Fuzzy systems are surprisingly robust, managing to cope with noisy and incomplete data. However, the fuzzy output is still extremely smooth and can deal with tight control problems. Little feedback is needed to perform well.
Fuzzy expert systems can mimic human reasoning surprisingly closely, which makes it ideal for decision making. The rule-base systems apply the rules of thumb in a similar fashion to experts, and the fuzzy representation is close to human knowledge representation.
Like rule-based systems, fuzzy systems are easy to extend incrementally. Each rule is modular, and different rules can be tweaked independently from others.
It's even easier to write the rules for the system. The close links with natural language means that anyone can add rules. The linguistic expressions pose no problems to the underlying fuzzy logic.
With fuzzy systems, there is no need for mathematical models of the problem. We use simple rules of thumb created by experts to guide the system, which can cope with complex nonlinear problems.
An intrinsic requirement of fuzzy systems is that most of the rules need to be evaluated at each cycle. This is because even values that are close to false cannot be disregarded—as with standard rule-based systems. This can be quite computationally expensive, although the time required is proportional to the number of rules.
In addition, it can be difficult to create membership functions for fuzzy systems. This is a very informal process that can easily require many iterations.

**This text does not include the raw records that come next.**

(* Let $M\in\mathbb{R}^{n_1\times n_2}$ have rank $r$ with compact singular value decomposition $M=U\Sigma V^*$, where $U\in\mathbb{R}^{n_1\times r}$, $V\in\mathbb{R}^{n_2\times r}$ have orthonormal columns and $\Sigma$ is diagonal with positive diagonal entries. Let $\Omega\subsetneq[n_1]\times[n_2]$ and $\tau>0$. Assume there is a matrix $Y\in\mathbb{R}^{n_1\times n_2}$ such that (a) $Y=\mathcal{P}_\Omega Y$, (b) $\mathcal{P}_{\mathrm{T}}Y=\frac{1}{\tau}M+UV^*$, (c) $\|\mathcal{P}_{\mathrm{T}^\perp}Y\|\le 1$. Then $M$ is the unique solution of $$\min_{X\in\mathbb{R}^{n_1\times n_2}}\ \|X\|_*+\frac{1}{2\tau}\|X\|_F^2\quad\text{subject to}\quad \mathcal{P}_\Omega X=\mathcal{P}_\Omega M.$$
   Context: $[n]=\{1,\dots,n\}$. $\mathcal{P}_\Omega$ is the linear map on $\mathbb{R}^{n_1\times n_2}$ keeping the entries indexed by $\Omega$ and setting all others to zero. $\mathrm{T}=\{UX_1^*+X_2V^*: X_1\in\mathbb{R}^{n_2\times r},X_2\in\mathbb{R}^{n_1\times r}\}$, $\mathrm{T}^\perp$ its orthogonal complement with respect to the trace inner product $\langle X,Y\rangle=\mathrm{trace}(X^*Y)$, and $\mathcal{P}_{\mathrm{T}},\mathcal{P}_{\mathrm{T}^\perp}$ the orthogonal projections; explicitly $\mathcal{P}_{\mathrm{T}}Y=UU^*Y+YVV^*-UU^*YVV^*$. $\|\cdot\|$ is the spectral norm, $\|\cdot\|_*$ the nuclear norm (sum of singular values), $\|\cdot\|_F$ the Frobenius norm. *)

From HB Require Import structures.
From mathcomp Require Import all_boot all_order all_algebra.
From mathcomp Require Import boolp classical_sets reals.
Set Implicit Arguments. Unset Strict Implicit. Unset Printing Implicit Defensive.
Import Order.TTheory GRing.Theory Num.Theory.
Local Open Scope ring_scope.

Section Defs.
Variable R : realType.

Definition rdiag_mx (m n : nat) (s : 'rV[R]_(minn m n)) : 'M[R]_(m, n) :=
  \matrix_(i < m, j < n)
    \sum_(k < minn m n) (if ((k : nat) == i) && ((k : nat) == j) then s 0 k else 0).

Definition is_svd (m n : nat) (A : 'M[R]_(m, n)) (s : 'rV[R]_(minn m n)) : Prop :=
  exists (P : 'M[R]_m) (Q : 'M[R]_n),
    [/\ P *m P^T = 1%:M, Q *m Q^T = 1%:M,
        (forall k, 0 <= s 0 k) & A = P *m rdiag_mx s *m Q^T].

(* the vector of singular values (chosen via an SVD; any SVD gives the same
   multiset of singular values) *)
Definition svals (m n : nat) (A : 'M[R]_(m, n)) : 'rV[R]_(minn m n) :=
  xget 0 [set s | is_svd A s].

Definition nuclear_norm (m n : nat) (A : 'M[R]_(m, n)) : R :=
  \sum_(k < minn m n) svals A 0 k.

Definition spectral_norm (m n : nat) (A : 'M[R]_(m, n)) : R :=
  \big[Num.max/0]_(k < minn m n) svals A 0 k.

Definition frob_norm (m n : nat) (A : 'M[R]_(m, n)) : R :=
  Num.sqrt (\sum_(i < m) \sum_(j < n) A i j ^+ 2).

Definition P_Omega (m n : nat) (Om : {set 'I_m * 'I_n}) (X : 'M[R]_(m, n)) : 'M[R]_(m, n) :=
  \matrix_(i < m, j < n) (if (i, j) \in Om then X i j else 0).

Definition P_T (m n r : nat) (U : 'M[R]_(m, r)) (V : 'M[R]_(n, r)) (Y : 'M[R]_(m, n))
  : 'M[R]_(m, n) :=
  U *m U^T *m Y + Y *m V *m V^T - U *m U^T *m Y *m V *m V^T.

Definition P_Tperp (m n r : nat) (U : 'M[R]_(m, r)) (V : 'M[R]_(n, r)) (Y : 'M[R]_(m, n))
  : 'M[R]_(m, n) := Y - P_T U V Y.

End Defs.

(* Put W := P_{T^perp} Y and Z := U V^T + W, so that Y = tau^-1 M + Z.  As
   U^T W = 0 = W V and ||W|| <= 1, Z is a contraction, hence <Z, X> <= ||X||_*
   for every X, while <Z, M> = tr Sigma >= ||M||_*, so <Z, M> = ||M||_*.  Since Y
   is supported on Omega, <Y, X - M> = 0 for every feasible X, and expanding the
   Frobenius term gives
     obj X - obj M >= ||X||_* - <Z, X> + (2 tau)^-1 ||X - M||_F^2
                   >= (2 tau)^-1 ||X - M||_F^2,
   which is minimality and uniqueness.  The norms being defined through an
   arbitrary SVD, one also needs that every real matrix has one: a singular pair
   comes from a unit eigenvector of the symmetric matrix A^T A, and Householder
   reflections split it off. *)

From HB Require Import structures.
From mathcomp Require Import all_boot all_order all_algebra.
From mathcomp Require Import boolp classical_sets reals.
From mathcomp Require Import complex.
From mathcomp Require Import lra ring.
Import Order.TTheory GRing.Theory Num.Theory.
Set Implicit Arguments. Unset Strict Implicit. Unset Printing Implicit Defensive.
Local Open Scope ring_scope.

Section RowDot.
Variable R : realFieldType.

Definition vdot n (u v : 'rV[R]_n) : R := (u *m v^T) 0 0.

Lemma vdotE n (u v : 'rV[R]_n) : vdot u v = \sum_i u 0 i * v 0 i.
Proof. by rewrite /vdot mxE; apply: eq_bigr => i _; rewrite mxE. Qed.

Lemma vdotC n (u v : 'rV[R]_n) : vdot u v = vdot v u.
Proof. by rewrite !vdotE; apply: eq_bigr => i _; rewrite mulrC. Qed.

Lemma vdotDl n (u v w : 'rV[R]_n) : vdot (u + v) w = vdot u w + vdot v w.
Proof. by rewrite /vdot mulmxDl mxE. Qed.

Lemma vdotZl n c (u w : 'rV[R]_n) : vdot (c *: u) w = c * vdot u w.
Proof. by rewrite /vdot -scalemxAl mxE. Qed.

Lemma vdotBl n (u v w : 'rV[R]_n) : vdot (u - v) w = vdot u w - vdot v w.
Proof. by rewrite vdotDl -scaleN1r vdotZl mulN1r. Qed.

Lemma vdotZr n c (u w : 'rV[R]_n) : vdot w (c *: u) = c * vdot w u.
Proof. by rewrite vdotC vdotZl vdotC. Qed.

Lemma vdotBr n (u v w : 'rV[R]_n) : vdot w (u - v) = vdot w u - vdot w v.
Proof. by rewrite vdotC vdotBl !(vdotC w). Qed.

Lemma vdot0l n (u : 'rV[R]_n) : vdot 0 u = 0.
Proof. by rewrite /vdot mul0mx mxE. Qed.

Lemma vdot_ge0 n (u : 'rV[R]_n) : 0 <= vdot u u.
Proof. by rewrite vdotE; apply: sumr_ge0 => i _; rewrite -expr2 sqr_ge0. Qed.

Lemma vdot_eq0 n (u : 'rV[R]_n) : (vdot u u == 0) = (u == 0).
Proof.
apply/idP/eqP => [|->]; last by rewrite vdot0l.
rewrite vdotE psumr_eq0 => [/allP u0|i _]; last by rewrite -expr2 sqr_ge0.
apply/rowP => i; rewrite mxE.
by have := u0 i (mem_index_enum _); rewrite -expr2 sqrf_eq0 => /eqP.
Qed.

Lemma twice_vdot_le n (u v : 'rV[R]_n) : 2 * vdot u v <= vdot u u + vdot v v.
Proof. by have := vdot_ge0 (u - v); rewrite vdotBl !vdotBr (vdotC v u); lra. Qed.

Lemma vdot_mulmx m n (x : 'rV[R]_m) (A : 'M[R]_(m, n)) y :
  vdot (x *m A) y = vdot x (y *m A^T).
Proof. by rewrite /vdot trmx_mul trmxK mulmxA. Qed.

Lemma mulmx_trE m n p q (X : 'M[R]_(m, n)) (A : 'M[R]_(n, p)) (Y : 'M[R]_(q, p)) i j :
  (X *m A *m Y^T) i j = vdot (row i X *m A) (row j Y).
Proof. by rewrite vdotE mxE; apply: eq_bigr => k _; rewrite -row_mul !mxE. Qed.

Lemma vdot_row m n (P : 'M[R]_(m, n)) i j : (P *m P^T) i j = vdot (row i P) (row j P).
Proof. by rewrite -[P in P *m _]mulmx1 mulmx_trE mulmx1. Qed.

Combinatorial explosion is a commonly cited problem with fuzzy systems. Indeed, if we want to enumerate rules for all possible inputs combinations, the number of required rules will grow exponentially with the number of fuzzy variables. Frankly, there are few cases when this is necessary! Not only is this time-consuming (making it unfeasible for experts to enter the rules into the database), but also extremely naive. In most problems, there is no need for all possible rules to be present; the solution doesn't need such complexity. Borrowing the ideas from rule-based systems, knowledge in fuzzy systems can be represented implicitly instead. So the only rules required are the ones that solve the problem (which should at least match the number of fuzzy variables).